(Task directions)
Once the line containing "split; last exact: sylvester_trace_Xi." is found in the records below, return it and each following line exactly, up to and including the line containing "(s : seq bool)", and nothing else.
Data listing Start Marker
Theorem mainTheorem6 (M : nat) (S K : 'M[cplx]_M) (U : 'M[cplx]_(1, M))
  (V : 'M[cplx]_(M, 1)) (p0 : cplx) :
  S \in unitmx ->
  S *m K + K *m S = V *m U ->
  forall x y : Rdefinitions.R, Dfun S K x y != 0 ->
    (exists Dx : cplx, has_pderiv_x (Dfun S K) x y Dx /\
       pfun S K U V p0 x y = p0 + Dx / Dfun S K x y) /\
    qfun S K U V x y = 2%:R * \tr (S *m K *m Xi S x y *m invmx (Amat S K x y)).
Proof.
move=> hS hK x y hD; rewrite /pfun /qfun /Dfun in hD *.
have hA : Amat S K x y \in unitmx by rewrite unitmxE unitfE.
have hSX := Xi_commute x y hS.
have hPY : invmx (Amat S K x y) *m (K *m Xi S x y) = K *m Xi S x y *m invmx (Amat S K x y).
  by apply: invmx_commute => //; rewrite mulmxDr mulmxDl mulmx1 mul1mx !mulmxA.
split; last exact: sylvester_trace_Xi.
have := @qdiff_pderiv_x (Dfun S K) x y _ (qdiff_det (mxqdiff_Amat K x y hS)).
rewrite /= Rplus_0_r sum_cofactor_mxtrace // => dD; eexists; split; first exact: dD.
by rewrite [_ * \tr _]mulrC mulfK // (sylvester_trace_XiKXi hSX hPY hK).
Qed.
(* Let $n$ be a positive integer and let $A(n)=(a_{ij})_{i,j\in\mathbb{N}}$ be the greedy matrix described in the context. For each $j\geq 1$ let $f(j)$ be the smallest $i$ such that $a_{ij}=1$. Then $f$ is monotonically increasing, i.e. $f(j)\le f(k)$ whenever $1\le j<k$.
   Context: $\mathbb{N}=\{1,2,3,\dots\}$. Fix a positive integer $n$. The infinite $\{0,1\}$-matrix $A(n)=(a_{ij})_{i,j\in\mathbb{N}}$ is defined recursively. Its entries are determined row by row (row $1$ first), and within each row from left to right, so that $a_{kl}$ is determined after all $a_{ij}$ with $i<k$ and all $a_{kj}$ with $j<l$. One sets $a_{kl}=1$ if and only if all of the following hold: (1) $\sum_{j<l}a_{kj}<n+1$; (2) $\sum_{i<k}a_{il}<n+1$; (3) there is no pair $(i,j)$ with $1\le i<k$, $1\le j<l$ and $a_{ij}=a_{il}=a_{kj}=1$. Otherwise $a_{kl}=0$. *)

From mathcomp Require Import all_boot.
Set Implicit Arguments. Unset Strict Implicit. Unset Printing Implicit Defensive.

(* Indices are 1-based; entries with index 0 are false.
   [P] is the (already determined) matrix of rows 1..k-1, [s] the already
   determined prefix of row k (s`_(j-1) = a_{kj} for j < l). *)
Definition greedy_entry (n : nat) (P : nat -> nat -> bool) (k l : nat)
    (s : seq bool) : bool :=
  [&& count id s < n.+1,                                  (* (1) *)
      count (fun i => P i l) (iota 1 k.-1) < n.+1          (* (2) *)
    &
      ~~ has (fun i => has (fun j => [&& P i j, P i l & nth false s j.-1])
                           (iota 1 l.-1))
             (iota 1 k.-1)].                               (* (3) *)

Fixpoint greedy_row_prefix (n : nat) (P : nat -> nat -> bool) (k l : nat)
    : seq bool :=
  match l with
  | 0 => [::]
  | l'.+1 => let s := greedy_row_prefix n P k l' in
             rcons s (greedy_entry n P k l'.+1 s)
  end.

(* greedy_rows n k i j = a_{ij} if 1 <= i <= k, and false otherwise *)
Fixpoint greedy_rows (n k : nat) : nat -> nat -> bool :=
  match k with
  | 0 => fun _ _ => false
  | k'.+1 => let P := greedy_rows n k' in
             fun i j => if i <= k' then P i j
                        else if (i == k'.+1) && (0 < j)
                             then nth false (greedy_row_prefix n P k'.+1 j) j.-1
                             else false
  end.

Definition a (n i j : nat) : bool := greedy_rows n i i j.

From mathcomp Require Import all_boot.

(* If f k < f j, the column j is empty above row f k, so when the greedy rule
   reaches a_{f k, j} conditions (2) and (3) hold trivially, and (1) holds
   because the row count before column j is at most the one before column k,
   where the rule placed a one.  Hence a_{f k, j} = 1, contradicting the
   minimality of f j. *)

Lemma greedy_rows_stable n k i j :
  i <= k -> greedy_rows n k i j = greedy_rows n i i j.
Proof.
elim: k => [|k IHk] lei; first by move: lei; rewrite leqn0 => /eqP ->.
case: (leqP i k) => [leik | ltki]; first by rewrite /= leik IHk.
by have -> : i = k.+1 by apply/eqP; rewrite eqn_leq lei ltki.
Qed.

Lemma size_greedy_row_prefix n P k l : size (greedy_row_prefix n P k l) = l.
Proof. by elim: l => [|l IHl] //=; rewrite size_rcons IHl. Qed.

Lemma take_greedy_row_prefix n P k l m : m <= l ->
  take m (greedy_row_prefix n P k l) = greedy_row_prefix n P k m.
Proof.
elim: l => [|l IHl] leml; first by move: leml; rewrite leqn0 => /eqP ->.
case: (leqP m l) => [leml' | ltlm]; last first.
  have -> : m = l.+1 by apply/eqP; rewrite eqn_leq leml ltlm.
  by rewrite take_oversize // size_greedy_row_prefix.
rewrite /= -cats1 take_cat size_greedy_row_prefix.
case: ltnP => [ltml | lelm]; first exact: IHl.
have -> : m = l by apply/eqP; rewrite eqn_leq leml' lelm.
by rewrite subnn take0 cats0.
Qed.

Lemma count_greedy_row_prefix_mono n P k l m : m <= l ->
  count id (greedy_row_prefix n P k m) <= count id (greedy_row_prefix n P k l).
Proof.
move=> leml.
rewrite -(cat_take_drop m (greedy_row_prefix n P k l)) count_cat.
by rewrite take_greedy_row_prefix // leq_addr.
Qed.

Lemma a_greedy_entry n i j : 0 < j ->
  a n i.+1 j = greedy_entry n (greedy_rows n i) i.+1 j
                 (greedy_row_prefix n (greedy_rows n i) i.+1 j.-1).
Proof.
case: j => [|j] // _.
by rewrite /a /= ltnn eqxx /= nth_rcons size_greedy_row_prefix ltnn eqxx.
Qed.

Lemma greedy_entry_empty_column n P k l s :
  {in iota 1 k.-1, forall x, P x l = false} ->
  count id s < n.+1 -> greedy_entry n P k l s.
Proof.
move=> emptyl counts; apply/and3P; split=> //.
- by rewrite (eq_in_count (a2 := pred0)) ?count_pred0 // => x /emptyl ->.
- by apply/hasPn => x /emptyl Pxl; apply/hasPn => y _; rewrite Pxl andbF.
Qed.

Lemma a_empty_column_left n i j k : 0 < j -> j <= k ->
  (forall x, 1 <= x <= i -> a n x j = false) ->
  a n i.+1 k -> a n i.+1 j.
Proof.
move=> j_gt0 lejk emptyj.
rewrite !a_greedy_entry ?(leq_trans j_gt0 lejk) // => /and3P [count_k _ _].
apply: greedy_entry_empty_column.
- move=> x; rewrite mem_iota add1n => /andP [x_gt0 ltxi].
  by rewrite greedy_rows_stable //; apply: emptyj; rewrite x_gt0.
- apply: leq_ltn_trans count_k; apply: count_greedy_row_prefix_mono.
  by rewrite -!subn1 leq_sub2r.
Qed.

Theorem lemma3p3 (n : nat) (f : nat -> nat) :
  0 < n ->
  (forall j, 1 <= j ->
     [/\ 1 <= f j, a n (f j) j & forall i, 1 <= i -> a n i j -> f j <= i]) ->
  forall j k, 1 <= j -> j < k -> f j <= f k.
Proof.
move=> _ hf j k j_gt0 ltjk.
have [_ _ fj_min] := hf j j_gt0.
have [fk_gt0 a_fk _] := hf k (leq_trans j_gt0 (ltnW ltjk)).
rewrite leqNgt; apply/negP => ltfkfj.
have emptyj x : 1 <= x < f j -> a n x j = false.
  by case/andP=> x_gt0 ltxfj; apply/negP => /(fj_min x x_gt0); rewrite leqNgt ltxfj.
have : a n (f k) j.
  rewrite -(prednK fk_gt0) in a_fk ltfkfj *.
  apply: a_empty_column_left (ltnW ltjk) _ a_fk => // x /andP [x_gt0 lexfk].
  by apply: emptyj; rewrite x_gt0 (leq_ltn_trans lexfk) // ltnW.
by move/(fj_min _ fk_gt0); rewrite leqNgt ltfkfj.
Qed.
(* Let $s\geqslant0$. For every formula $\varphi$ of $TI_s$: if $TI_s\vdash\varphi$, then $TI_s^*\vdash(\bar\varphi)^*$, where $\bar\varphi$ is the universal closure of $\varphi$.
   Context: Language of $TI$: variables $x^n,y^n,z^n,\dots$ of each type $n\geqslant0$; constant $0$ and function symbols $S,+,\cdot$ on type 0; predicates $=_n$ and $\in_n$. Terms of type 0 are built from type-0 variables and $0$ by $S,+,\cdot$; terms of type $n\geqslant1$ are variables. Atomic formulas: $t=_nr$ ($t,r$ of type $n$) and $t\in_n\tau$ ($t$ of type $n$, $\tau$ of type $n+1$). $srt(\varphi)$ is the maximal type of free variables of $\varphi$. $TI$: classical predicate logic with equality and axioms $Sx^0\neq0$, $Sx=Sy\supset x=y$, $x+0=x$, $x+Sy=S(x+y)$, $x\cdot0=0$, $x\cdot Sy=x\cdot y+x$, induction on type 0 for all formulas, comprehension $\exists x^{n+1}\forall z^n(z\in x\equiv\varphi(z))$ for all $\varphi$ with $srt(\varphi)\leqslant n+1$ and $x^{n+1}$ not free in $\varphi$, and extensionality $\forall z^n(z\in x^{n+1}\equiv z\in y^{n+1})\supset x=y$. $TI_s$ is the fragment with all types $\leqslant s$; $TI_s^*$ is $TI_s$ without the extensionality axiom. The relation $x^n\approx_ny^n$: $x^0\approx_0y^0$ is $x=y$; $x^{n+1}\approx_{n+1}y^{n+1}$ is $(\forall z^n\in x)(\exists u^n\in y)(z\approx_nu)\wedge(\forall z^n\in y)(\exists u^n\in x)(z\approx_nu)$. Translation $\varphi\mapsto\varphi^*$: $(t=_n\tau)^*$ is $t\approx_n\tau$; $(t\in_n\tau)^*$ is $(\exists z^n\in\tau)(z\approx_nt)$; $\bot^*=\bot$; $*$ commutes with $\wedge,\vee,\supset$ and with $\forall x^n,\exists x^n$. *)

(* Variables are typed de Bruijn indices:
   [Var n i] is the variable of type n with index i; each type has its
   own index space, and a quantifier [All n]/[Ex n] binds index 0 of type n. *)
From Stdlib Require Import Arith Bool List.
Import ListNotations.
Data listing End Marker
(Task answer)
split; last exact: sylvester_trace_Xi.
have := @qdiff_pderiv_x (Dfun S K) x y _ (qdiff_det (mxqdiff_Amat K x y hS)).
rewrite /= Rplus_0_r sum_cofactor_mxtrace // => dD; eexists; split; first exact: dD.
by rewrite [_ * \tr _]mulrC mulfK // (sylvester_trace_XiKXi hSX hPY hK).
Qed.
(* Let $n$ be a positive integer and let $A(n)=(a_{ij})_{i,j\in\mathbb{N}}$ be the greedy matrix described in the context. For each $j\geq 1$ let $f(j)$ be the smallest $i$ such that $a_{ij}=1$. Then $f$ is monotonically increasing, i.e. $f(j)\le f(k)$ whenever $1\le j<k$.
   Context: $\mathbb{N}=\{1,2,3,\dots\}$. Fix a positive integer $n$. The infinite $\{0,1\}$-matrix $A(n)=(a_{ij})_{i,j\in\mathbb{N}}$ is defined recursively. Its entries are determined row by row (row $1$ first), and within each row from left to right, so that $a_{kl}$ is determined after all $a_{ij}$ with $i<k$ and all $a_{kj}$ with $j<l$. One sets $a_{kl}=1$ if and only if all of the following hold: (1) $\sum_{j<l}a_{kj}<n+1$; (2) $\sum_{i<k}a_{il}<n+1$; (3) there is no pair $(i,j)$ with $1\le i<k$, $1\le j<l$ and $a_{ij}=a_{il}=a_{kj}=1$. Otherwise $a_{kl}=0$. *)

From mathcomp Require Import all_boot.
Set Implicit Arguments. Unset Strict Implicit. Unset Printing Implicit Defensive.

(* Indices are 1-based; entries with index 0 are false.
   [P] is the (already determined) matrix of rows 1..k-1, [s] the already
   determined prefix of row k (s`_(j-1) = a_{kj} for j < l). *)
Definition greedy_entry (n : nat) (P : nat -> nat -> bool) (k l : nat)
    (s : seq bool) : bool :=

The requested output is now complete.